§ **Stored data**
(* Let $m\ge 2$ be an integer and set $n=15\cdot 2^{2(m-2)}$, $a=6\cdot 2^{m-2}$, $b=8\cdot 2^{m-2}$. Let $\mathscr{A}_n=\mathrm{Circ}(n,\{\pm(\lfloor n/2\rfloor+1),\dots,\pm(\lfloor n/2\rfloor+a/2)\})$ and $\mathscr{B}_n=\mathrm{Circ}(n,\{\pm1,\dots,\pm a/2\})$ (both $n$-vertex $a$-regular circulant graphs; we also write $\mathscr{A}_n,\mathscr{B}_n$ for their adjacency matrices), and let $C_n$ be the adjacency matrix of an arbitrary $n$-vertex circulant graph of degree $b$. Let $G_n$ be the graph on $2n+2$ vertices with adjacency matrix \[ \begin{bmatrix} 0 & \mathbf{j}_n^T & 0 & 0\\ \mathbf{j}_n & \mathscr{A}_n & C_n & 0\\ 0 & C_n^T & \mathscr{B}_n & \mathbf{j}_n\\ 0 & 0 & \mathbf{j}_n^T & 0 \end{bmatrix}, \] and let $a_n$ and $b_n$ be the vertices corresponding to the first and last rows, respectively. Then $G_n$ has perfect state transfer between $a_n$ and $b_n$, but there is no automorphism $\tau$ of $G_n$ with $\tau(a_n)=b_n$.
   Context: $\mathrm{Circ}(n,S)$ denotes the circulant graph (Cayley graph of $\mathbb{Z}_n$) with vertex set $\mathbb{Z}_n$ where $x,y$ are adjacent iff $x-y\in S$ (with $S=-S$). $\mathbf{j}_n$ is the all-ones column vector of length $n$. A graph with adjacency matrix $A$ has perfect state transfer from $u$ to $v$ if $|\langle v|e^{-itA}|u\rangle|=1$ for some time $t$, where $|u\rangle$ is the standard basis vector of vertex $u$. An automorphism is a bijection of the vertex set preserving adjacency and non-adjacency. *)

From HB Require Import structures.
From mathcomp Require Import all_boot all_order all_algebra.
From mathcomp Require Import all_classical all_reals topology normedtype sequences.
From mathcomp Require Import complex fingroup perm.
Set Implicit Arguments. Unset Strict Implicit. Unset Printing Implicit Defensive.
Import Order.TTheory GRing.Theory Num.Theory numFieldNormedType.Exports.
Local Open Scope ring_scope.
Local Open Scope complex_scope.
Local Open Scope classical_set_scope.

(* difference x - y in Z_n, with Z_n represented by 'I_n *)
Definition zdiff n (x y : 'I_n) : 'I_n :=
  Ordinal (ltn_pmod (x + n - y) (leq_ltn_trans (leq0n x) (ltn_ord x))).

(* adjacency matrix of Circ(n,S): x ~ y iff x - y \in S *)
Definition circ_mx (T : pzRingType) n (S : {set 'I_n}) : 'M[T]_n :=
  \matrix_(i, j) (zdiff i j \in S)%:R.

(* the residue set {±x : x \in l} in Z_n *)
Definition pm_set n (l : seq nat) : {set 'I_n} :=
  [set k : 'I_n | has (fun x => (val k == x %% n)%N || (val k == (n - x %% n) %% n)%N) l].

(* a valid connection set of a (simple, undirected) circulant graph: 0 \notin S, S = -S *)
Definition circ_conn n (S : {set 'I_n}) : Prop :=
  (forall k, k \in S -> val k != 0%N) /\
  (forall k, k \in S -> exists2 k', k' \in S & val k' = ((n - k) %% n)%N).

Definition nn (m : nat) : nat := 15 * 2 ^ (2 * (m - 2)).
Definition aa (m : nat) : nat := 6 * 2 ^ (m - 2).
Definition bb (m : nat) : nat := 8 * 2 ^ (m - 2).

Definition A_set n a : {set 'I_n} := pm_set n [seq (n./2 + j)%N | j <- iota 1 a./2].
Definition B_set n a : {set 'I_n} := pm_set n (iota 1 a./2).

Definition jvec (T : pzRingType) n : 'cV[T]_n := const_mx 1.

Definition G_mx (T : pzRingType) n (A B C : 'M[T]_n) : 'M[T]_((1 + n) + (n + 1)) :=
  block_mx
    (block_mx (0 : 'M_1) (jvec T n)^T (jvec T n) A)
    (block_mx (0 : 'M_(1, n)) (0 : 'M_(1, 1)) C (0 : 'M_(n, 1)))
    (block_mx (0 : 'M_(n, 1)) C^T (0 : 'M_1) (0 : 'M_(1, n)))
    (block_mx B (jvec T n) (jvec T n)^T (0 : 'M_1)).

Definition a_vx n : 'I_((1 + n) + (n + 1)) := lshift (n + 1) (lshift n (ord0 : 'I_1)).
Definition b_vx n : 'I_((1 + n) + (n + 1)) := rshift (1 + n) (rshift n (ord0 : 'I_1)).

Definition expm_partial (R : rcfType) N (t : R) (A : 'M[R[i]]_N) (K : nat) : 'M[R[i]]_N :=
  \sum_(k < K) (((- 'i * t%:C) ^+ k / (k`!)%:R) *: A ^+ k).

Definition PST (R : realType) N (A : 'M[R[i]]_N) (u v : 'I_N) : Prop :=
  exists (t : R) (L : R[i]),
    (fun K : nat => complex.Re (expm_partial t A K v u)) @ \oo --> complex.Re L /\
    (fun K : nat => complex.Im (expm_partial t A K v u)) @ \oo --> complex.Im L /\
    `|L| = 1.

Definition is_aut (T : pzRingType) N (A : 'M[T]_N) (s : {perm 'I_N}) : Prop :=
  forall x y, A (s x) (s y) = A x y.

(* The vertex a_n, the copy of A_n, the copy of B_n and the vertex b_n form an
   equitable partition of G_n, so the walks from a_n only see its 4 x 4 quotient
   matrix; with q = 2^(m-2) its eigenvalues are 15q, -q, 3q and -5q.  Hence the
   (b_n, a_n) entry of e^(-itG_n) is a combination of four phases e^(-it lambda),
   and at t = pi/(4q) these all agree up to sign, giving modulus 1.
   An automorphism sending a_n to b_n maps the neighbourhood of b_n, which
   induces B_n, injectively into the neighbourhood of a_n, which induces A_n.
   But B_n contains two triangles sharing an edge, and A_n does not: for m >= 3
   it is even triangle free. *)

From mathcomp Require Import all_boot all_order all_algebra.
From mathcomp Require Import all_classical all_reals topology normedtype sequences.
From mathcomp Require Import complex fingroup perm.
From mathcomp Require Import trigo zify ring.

§ **Prompt**
In the data above, retype exactly and only the lines between the one holding "Definition bb (m" and the one holding "K) (((- 'i * t%:C) ^+ k", inclusive.

§ **Written reply**
Definition bb (m : nat) : nat := 8 * 2 ^ (m - 2).

Definition A_set n a : {set 'I_n} := pm_set n [seq (n./2 + j)%N | j <- iota 1 a./2].
Definition B_set n a : {set 'I_n} := pm_set n (iota 1 a./2).

Definition jvec (T : pzRingType) n : 'cV[T]_n := const_mx 1.

Definition G_mx (T : pzRingType) n (A B C : 'M[T]_n) : 'M[T]_((1 + n) + (n + 1)) :=
  block_mx
    (block_mx (0 : 'M_1) (jvec T n)^T (jvec T n) A)
    (block_mx (0 : 'M_(1, n)) (0 : 'M_(1, 1)) C (0 : 'M_(n, 1)))
    (block_mx (0 : 'M_(n, 1)) C^T (0 : 'M_1) (0 : 'M_(1, n)))
    (block_mx B (jvec T n) (jvec T n)^T (0 : 'M_1)).

Definition a_vx n : 'I_((1 + n) + (n + 1)) := lshift (n + 1) (lshift n (ord0 : 'I_1)).
Definition b_vx n : 'I_((1 + n) + (n + 1)) := rshift (1 + n) (rshift n (ord0 : 'I_1)).

Definition expm_partial (R : rcfType) N (t : R) (A : 'M[R[i]]_N) (K : nat) : 'M[R[i]]_N :=
  \sum_(k < K) (((- 'i * t%:C) ^+ k / (k`!)%:R) *: A ^+ k).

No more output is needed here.